On Monday, Biden emphasized, “I want to be very clear, the goal of mask wearing is not to make your life less comfortable or take something away from you. It’s to give something back to all of us — a normal life. Our goal is to get back to normal as fast as possible and masks are critical in doing that.”

He noted, “It won’t be forever but that’s how we’ll get our nation back, back up to speed economically, so we can go back to celebrating birthdays and holidays together, so we attend sporting events together. So we can get back to the lives and connections we shared before the pandemic.”

And Biden highlighted that the election's over and "it is time to put aside partisanship and the rhetoric designed to demonize one another. It’s time to end the politicization of basic, responsible, public health steps like mask wearing and social distancing."

Last month, Biden said that if he was elected, he’d gather the nation’s governors and ask them to urge residents in their states to wear masks in order to prevent the spread of the coronavirus.

Biden, speaking at a town hall in Philadelphia hosted by ABC News, acknowledged that as president “you can’t mandate a mask.”

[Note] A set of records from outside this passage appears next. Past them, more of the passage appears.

(* Let $a\ge1$ be an integer with $a^dq>1$. For $l=1,2,\dots$ let $L_l=\{x\in\mathbb{R}^d: a^{(l-1)^d}<|x|<a^{l^d}\}$. Then $P$-almost surely there exists $l_0(\omega)$ such that for every $l\ge l_0(\omega)$ the layer $L_l$ contains a cube $Q(l,n)$ (entirely inside $L_l$) on which $V(x,\omega)=0$.
   Context: For $k\in\mathbb{Z}^d$ let $Q_k=\{x\in\mathbb{R}^d:\|x-k\|_\infty\le1/2\}$, let $(\varepsilon_k)$ be i.i.d. with $P\{\varepsilon_k=1\}=p>0$, $P\{\varepsilon_k=0\}=q=1-p>0$, and $V(x,\omega)=\sum_k\varepsilon_kI_{Q_k}(x)$. For an integer $l\ge1$, $Q(l,n)$, $n\in\mathbb{Z}^d$, are cubes of edge length $l$ partitioning $\mathbb{R}^d$, each a union of $l^d$ unit cubes $Q_k$ (so that $V=0$ on $Q(l,n)$ iff all its $l^d$ unit cubes have $\varepsilon_k=0$). *)

From Stdlib Require Import Reals ZArith List.
Open Scope R_scope.

(* Sites of Z^d are lists of integers of length d; a configuration
   (sample point omega) is a map site -> bool, with omega k = true
   meaning eps_k = 1 and omega k = false meaning eps_k = 0. *)
Definition site (d : nat) (k : list Z) : Prop := length k = d.

Fixpoint sumR (d : nat) (f : nat -> R) : R :=
  match d with O => 0 | S d' => sumR d' f + f d' end.

Definition enorm (d : nat) (x : nat -> R) : R := sqrt (sumR d (fun i => x i ^ 2)).

(* Cylinder sets of the Bernoulli product measure: a finite list of
   constraints (site, value) at distinct sites. *)
Definition cylinder := list (list Z * bool).

Definition valid_cyl (d : nat) (c : cylinder) : Prop :=
  Forall (fun s : list Z * bool => site d (fst s)) c /\ NoDup (map (fun s : list Z * bool => fst s) c).

Definition in_cyl (c : cylinder) (omega : list Z -> bool) : Prop :=
  Forall (fun s : list Z * bool => omega (fst s) = snd s) c.
(* Let $\sigma=(a_1,\ldots,a_s)$ be a partition of $r$ with $a_1\ge\cdots\ge a_s$, let $H=H(n,r,q\mid\sigma)$, and let $M$ be a maximum matching in $H$. Then there is a matching $M_c$ in $H$ with $|M_c|=|M|$ (hence also maximum) such that: (1) for every edge $E\in M_c$ and every class $V_i$ with $E\cap V_i\neq\emptyset$, the vertices of $E\cap V_i$ are consecutive in $V_i$; and (2) in each class $V_i$, the vertices not covered by $M_c$ are consecutive and lie at the top or at the bottom of $V_i$.
   Context: A $\sigma$-hypergraph $H=H(n,r,q\mid\sigma)$, for a partition $\sigma$ of $r$, is the $r$-uniform hypergraph whose vertex set is the disjoint union of $n$ classes $V_1,\ldots,V_n$, each of size $q$; an $r$-subset $K$ of vertices is an edge iff the multiset of non-zero values $|K\cap V_i|$ equals $\sigma$. The vertices of each class are ordered $V_i=\{v_{1,i},v_{2,i},\ldots,v_{q,i}\}$; a set of vertices of $V_i$ is consecutive if it is of the form $\{v_{j,i},v_{j+1,i},\ldots,v_{j+m,i}\}$; the top $k$ vertices of $V_i$ are $v_{1,i},\ldots,v_{k,i}$ and the bottom $k$ vertices are $v_{q-k+1,i},\ldots,v_{q,i}$. A matching is a set of pairwise vertex-disjoint edges; a maximum matching is one of largest size. *)

From mathcomp Require Import all_boot.
Set Implicit Arguments. Unset Strict Implicit. Unset Printing Implicit Defensive.

(* Vertices of H(n,r,q|sigma): pairs (i, j) meaning v_{j+1, i+1}
   (class i : 'I_n, position j : 'I_q, 0-based, position 0 = top). *)
Notation vtx n q := ('I_n * 'I_q)%type.

Section Sigma.
Variables (n q r : nat) (sigma : seq nat).

Definition cls (i : 'I_n) : {set vtx n q} := [set v : vtx n q | v.1 == i].

Definition is_partition : Prop :=
  [/\ sorted geq sigma, all (fun a => 0 < a) sigma & sumn sigma = r].

Definition is_edge (K : {set vtx n q}) : Prop :=
  #|K| = r /\
  perm_eq [seq #|K :&: cls i| | i <- enum 'I_n & 0 < #|K :&: cls i|] sigma.

Definition is_matching (M : {set {set vtx n q}}) : Prop :=
  (forall E, E \in M -> is_edge E) /\
  (forall E F, E \in M -> F \in M -> E != F -> [disjoint E & F]).

Definition is_max_matching (M : {set {set vtx n q}}) : Prop :=
  is_matching M /\ (forall M', is_matching M' -> #|M'| <= #|M|).

Definition covered (M : {set {set vtx n q}}) : {set vtx n q} :=
  \bigcup_(E in M) E.

Definition consecutive (i : 'I_n) (S : {set vtx n q}) : Prop :=
  exists a b : 'I_q, a <= b /\ S = [set v : vtx n q | (v.1 == i) && (a <= v.2 <= b)].

Definition top_k (i : 'I_n) (k : nat) : {set vtx n q} :=
  [set v : vtx n q | (v.1 == i) && (v.2 < k)].
Definition bottom_k (i : 'I_n) (k : nat) : {set vtx n q} :=
  [set v : vtx n q | (v.1 == i) && (q - k <= v.2)].

End Sigma.

From mathcomp Require Import all_boot zify.
Set Implicit Arguments. Unset Strict Implicit. Unset Printing Implicit Defensive.

(* Enumerate the edges of M as E_0, ..., E_(m-1) and replace E_k by the set
   that, in each class V_i, consists of the next |E_k ∩ V_i| positions after
   those already used by E_0, ..., E_(k-1).  The new sets have the same class
   profiles as the old ones, hence are edges; they are pairwise disjoint and
   meet every class in an interval; and since the old edges were disjoint the
   intervals fit into the class, leaving exactly its bottom vertices uncovered.
   Neither the maximality of M nor the shape of sigma plays a role. *)

Lemma card_cls_slice n q (i : 'I_n) (P : pred 'I_q) :
  #|[set v : vtx n q | (v.1 == i) && P v.2]| = #|[set j : 'I_q | P j]|.
Proof.
have -> : [set v : vtx n q | (v.1 == i) && P v.2] = (pair i) @: [set j | P j].
  apply/setP => [[i' j]]; rewrite !inE /=; apply/idP/imsetP.
    by case/andP => /eqP -> Pj; exists j; rewrite ?inE.
  by case=> j' Pj [-> ->]; rewrite eqxx; rewrite inE in Pj.
by rewrite card_imset // => a b [].
Qed.

Lemma card_cls n q (i : 'I_n) : #|cls q i| = q.
Proof.
have -> : cls q i = [set v : vtx n q | (v.1 == i) && predT v.2].
  by apply/setP => v; rewrite !inE andbT.
by rewrite card_cls_slice -[RHS]card_ord; apply: eq_card => j; rewrite inE.
Qed.

Lemma card_ord_interval q a c :
  a + c <= q -> #|[set j : 'I_q | a <= j < a + c]| = c.
Proof.
move=> acq; rewrite -sum1_card.
transitivity (\sum_(0 <= j < q | a <= j < a + c) 1).
  by rewrite big_mkord; apply: eq_bigl => j; rewrite inE.
rewrite sum1_count /index_iota subn0.
have -> : q = a + (c + (q - (a + c))) by lia.
rewrite !iotaD !count_cat /=.
rewrite (@eq_in_count _ _ pred0 (iota 0 a)); last by move=> x; rewrite mem_iota /=; lia.
rewrite (@eq_in_count _ _ predT (iota (0 + a) c)); last by move=> x; rewrite mem_iota /=; lia.
rewrite (@eq_in_count _ _ pred0 (iota (0 + a + c) _)); last by move=> x; rewrite mem_iota /=; lia.
by rewrite !count_pred0 count_predT size_iota addn0.
Qed.

Lemma consecutive_interval n q (i : 'I_n) a c : 0 < c -> a + c <= q ->
  consecutive i [set v : vtx n q | (v.1 == i) && (a <= v.2 < a + c)].
Proof.
move=> c_gt0 acq.
have a_lt : a < q by lia.
have b_lt : a + c - 1 < q by lia.
exists (Ordinal a_lt), (Ordinal b_lt); split => /=; first by lia.
apply/setP => v; rewrite !inE; case: (v.1 == i) => //=.
by apply/idP/idP; lia.
Qed.

Lemma card_sum_cls n q (K : {set vtx n q}) :
  #|K| = \sum_(i : 'I_n) #|K :&: cls q i|.
Proof.
rewrite -sum1_card (partition_big (fun v : vtx n q => v.1) predT) //=.
apply: eq_bigr => i _; rewrite -sum1_card; apply: eq_bigl => v.
by rewrite !inE eq_sym.
Qed.

Lemma is_edge_cls_profile n q r sigma (A B : {set vtx n q}) :
  (forall i, #|A :&: cls q i| = #|B :&: cls q i|) ->
  is_edge r sigma A -> is_edge r sigma B.
Proof.
move=> eAB [cardA profA]; split.
  by rewrite card_sum_cls -(eq_bigr _ (fun i _ => eAB i)) -card_sum_cls.
rewrite -(eq_filter (a1 := fun i => 0 < #|A :&: cls q i|)); last by move=> i; rewrite eAB.
by rewrite -(eq_map eAB).
Qed.

Section Compaction.
Variables (n q : nat) (s : seq {set vtx n q}).

Definition part k (i : 'I_n) := #|nth set0 s k :&: cls q i|.
Definition offset k i := \sum_(0 <= l < k) part l i.
Definition block k : {set vtx n q} :=
  [set v : vtx n q | offset k v.1 <= v.2 < offset k v.1 + part k v.1].

Lemma offsetS k i : offset k.+1 i = offset k i + part k i.
Proof. by rewrite /offset big_nat_recr. Qed.

Lemma leq_offset k l i : k <= l -> offset k i <= offset l i.
Proof. by move=> kl; rewrite /offset (@big_cat_nat _ _ _ k 0 l) //= leq_addr. Qed.

Lemma block_end_le_offset k l i : k < l -> offset k i + part k i <= offset l i.
Proof. by move=> kl; rewrite -offsetS leq_offset. Qed.

Lemma block_cls k i : block k :&: cls q i =
  [set v : vtx n q | (v.1 == i) && (offset k i <= v.2 < offset k i + part k i)].
Proof. by apply/setP => v; rewrite !inE andbC; case: eqP => // ->. Qed.

Lemma disjoint_block k l : k < l -> [disjoint block k & block l].
Proof.
move=> kl; rewrite -setI_eq0; apply/eqP/setP => v; rewrite !inE.
apply/negbTE/negP => /and3P[/andP[_ vk] lv _].
by have := leq_trans vk (leq_trans (block_end_le_offset v.1 kl) lv); rewrite ltnn.
Qed.

Lemma disjoint_block_neq k l : k != l -> [disjoint block k & block l].
Proof. by rewrite neq_ltn => /orP[] lt; [|rewrite disjoint_sym]; apply: disjoint_block. Qed.

Lemma mem_blocks K i (j : 'I_q) :
  (exists2 k, k < K & (i, j) \in block k) <-> j < offset K i.
Proof.
elim: K => [|K IH]; first by rewrite /offset big_geq //; split=> [[]|].
rewrite offsetS; split.
  case=> k; rewrite ltnS leq_eqVlt => /orP[/eqP -> | kK] jk.
    by move: jk; rewrite inE => /andP[].
  by rewrite ltn_addr //; apply/IH; exists k.
case: (ltnP j (offset K i)) => [jK _ | Kj jK].
  by have [k kK jk] := IH.2 jK; exists k => //; apply: ltnW.
by exists K => //; rewrite inE /= Kj jK.
Qed.

Hypothesis s_disjoint :
  forall k l, k < l < size s -> [disjoint nth set0 s k & nth set0 s l].

Lemma offset_size_le i : offset (size s) i <= q.
Proof.
pose F (l : 'I_(size s)) := nth set0 s l :&: cls q i.
have disjF a b : a != b -> [disjoint F a & F b].
  move=> ab; rewrite /F; apply: (disjointW (subsetIl _ _) (subsetIl _ _)).
  have [lt|lt|eq] := ltngtP a b.
  - by apply: s_disjoint; rewrite lt ltn_ord.
  - by rewrite disjoint_sym; apply: s_disjoint; rewrite lt ltn_ord.
  - by rewrite (val_inj eq) eqxx in ab.
have := partition_disjoint_bigcup addn (fun _ => 1) disjF.
rewrite sum1_card => cardF.
have : #|\bigcup_l F l| <= #|cls q i|.
  by apply: subset_leq_card; apply/bigcupsP => l _; apply: subsetIr.
rewrite card_cls cardF /offset big_mkord; apply: leq_trans.
by under [X in _ <= X]eq_bigr do rewrite sum1_card.
Qed.

Lemma block_end_le k i : k < size s -> offset k i + part k i <= q.
Proof. by move=> ks; apply: leq_trans (offset_size_le i); apply: block_end_le_offset. Qed.

Lemma card_block_cls k i : k < size s -> #|block k :&: cls q i| = part k i.
Proof.
move=> ks; rewrite block_cls.
rewrite (card_cls_slice i (fun j : 'I_q => offset k i <= j < offset k i + part k i)).
by rewrite card_ord_interval ?block_end_le.
Qed.

Lemma consecutive_block_cls k i : k < size s ->
  block k :&: cls q i != set0 -> consecutive i (block k :&: cls q i).
Proof.
move=> ks; rewrite -card_gt0 card_block_cls // => part_gt0.
by rewrite block_cls; apply: consecutive_interval; rewrite ?block_end_le.
Qed.

Lemma setD_cls_blocks i :
  cls q i :\: \bigcup_(k < size s) block k = bottom_k q i (q - offset (size s) i).
Proof.
apply/setP => [[i' j]]; rewrite !inE /=; case: eqP => [-> | _]; rewrite ?andbT ?andbF //.
rewrite subKn ?offset_size_le // leqNgt; congr (~~ _).
apply/bigcupP/idP => [[k _ jk] | /mem_blocks[k ks jk]].
  by apply/mem_blocks; exists k.
by exists (Ordinal ks).
Qed.

Lemma block_eq0 k : k < size s -> block k = set0 -> nth set0 s k = set0.
Proof.
move=> ks blk0; apply/eqP; rewrite -cards_eq0 card_sum_cls.
rewrite -(eq_bigr _ (fun i _ => card_block_cls i ks)) -card_sum_cls.
by rewrite blk0 cards0.
Qed.

(* Blocks with distinct indices are disjoint, so equal ones are empty and stem
   from two copies of set0 in s. *)
Lemma block_inj k l : uniq s -> k < size s -> l < size s ->
  block k = block l -> k = l.
Proof.
move=> s_uniq ks ls blk_kl; case: (eqVneq k l) => // kl.
have blk0 : block k = set0.
  have := disjoint_block_neq kl.
  by rewrite -blk_kl -setI_eq0 setIid => /eqP.
have blk0' : block l = set0 by rewrite -blk_kl.
move: kl; rewrite -(nth_uniq set0 ks ls s_uniq).
by rewrite (block_eq0 ks blk0) (block_eq0 ls blk0') eqxx.
Qed.

End Compaction.

Theorem lemma3p1 (n r q : nat) (sigma : seq nat)
  (Hsigma : is_partition r sigma)
  (M : {set {set vtx n q}})
  (HM : is_max_matching r sigma M) :
  exists Mc : {set {set vtx n q}},
    [/\ is_matching r sigma Mc,
        #|Mc| = #|M|,
        (forall E, E \in Mc -> forall i : 'I_n,
            E :&: cls q i != set0 -> consecutive i (E :&: cls q i))
      & (forall i : 'I_n, exists k : nat,
            cls q i :\: covered Mc = top_k q i k \/
            cls q i :\: covered Mc = bottom_k q i k)].
Proof.
case: HM => [[M_edge M_disj] _]; set s := enum M.
have s_M k : k < size s -> nth set0 s k \in M by move=> ks; rewrite -mem_enum mem_nth.
have s_disj k l : k < l < size s -> [disjoint nth set0 s k & nth set0 s l].
  move=> /andP[kl ls]; have ks := ltn_trans kl ls.
  by apply: M_disj; rewrite ?s_M ?nth_uniq ?enum_uniq // neq_ltn kl.
pose N (k : 'I_(size s)) := block s k.
exists (N @: setT); split.
- split=> [_ /imsetP[k _ ->] | _ _ /imsetP[k _ ->] /imsetP[l _ ->] kl].
    apply: is_edge_cls_profile (M_edge _ (s_M _ (ltn_ord k))) => i.
    by rewrite card_block_cls.
  by apply: disjoint_block_neq; apply: contraNneq kl => /val_inj ->.
- rewrite card_imset ?cardsT ?card_ord ?cardE // => k l.
  by move/(block_inj s_disj (enum_uniq _) (ltn_ord k) (ltn_ord l))/val_inj.
- by move=> _ /imsetP[k _ ->] i; apply: consecutive_block_cls.
- move=> i; exists (q - offset s (size s) i); right.
  rewrite /covered big_imset_idem; last exact: setUid.
  by rewrite -(setD_cls_blocks s_disj); congr (_ :\: _); apply: eq_bigl => k; rewrite inE.
Qed.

But the former vice president said at the time that “you can go to every governor and get them all in a room, all 50 of them, as president and say, ‘Ask people to wear a mask. Everybody knows.”

Biden added that if some governors don’t move to implement mask requirements, he said, “Then I go to every mayor, I go to every councilman, every local official, and say, ‘Mandate the mask.’”

President-elect Joe Biden speaks at The Queen theater, Monday, Nov. 9, 2020, in Wilmington, Del. (AP Photo/Carolyn Kaster)

The president-elect on Monday didn’t give any details on a possible national mandate, but he did say that his COVID-19 transition advisory board will “listen and work in cooperation with governors and local leaders of both parties who are fighting this virus in their communities at this very day. There is so much good work happening at state and local levels across the country, governors, mayors – they’re stepping up. The advisory board will listen and learn lessons from their experience.”

Biden said the panel would assemble “a blueprint that we can put in place” and that “this group will advise on detail plans, build on a bedrock of science.”

He also said that besides working to distribute a vaccine once it’s approved, he’d push to make rapid testing more widely available and ramp up production of personal protection equipment (PPE) for those on the front lines of the fight against the virus.

“I will spare no effort to turn this pandemic around once we’re sworn in on Jan. 20,” the president-elect stressed.

Biden was cautiously optimistic regarding the promising vaccine announcement Monday from Pfizer and the German biotech company BioNTech.

Biden called it "positive news" but cautioned that the expectation is the FDA will run a process of rigorous reviews and approvals, and the process must also be grounded in science and fully transparent so the American people can have every confidence that any approved vaccine is safe and effective."

And he highlighted that "at the same time, it's clear that this vaccine, even if approved, will not be widely available for many months yet to come."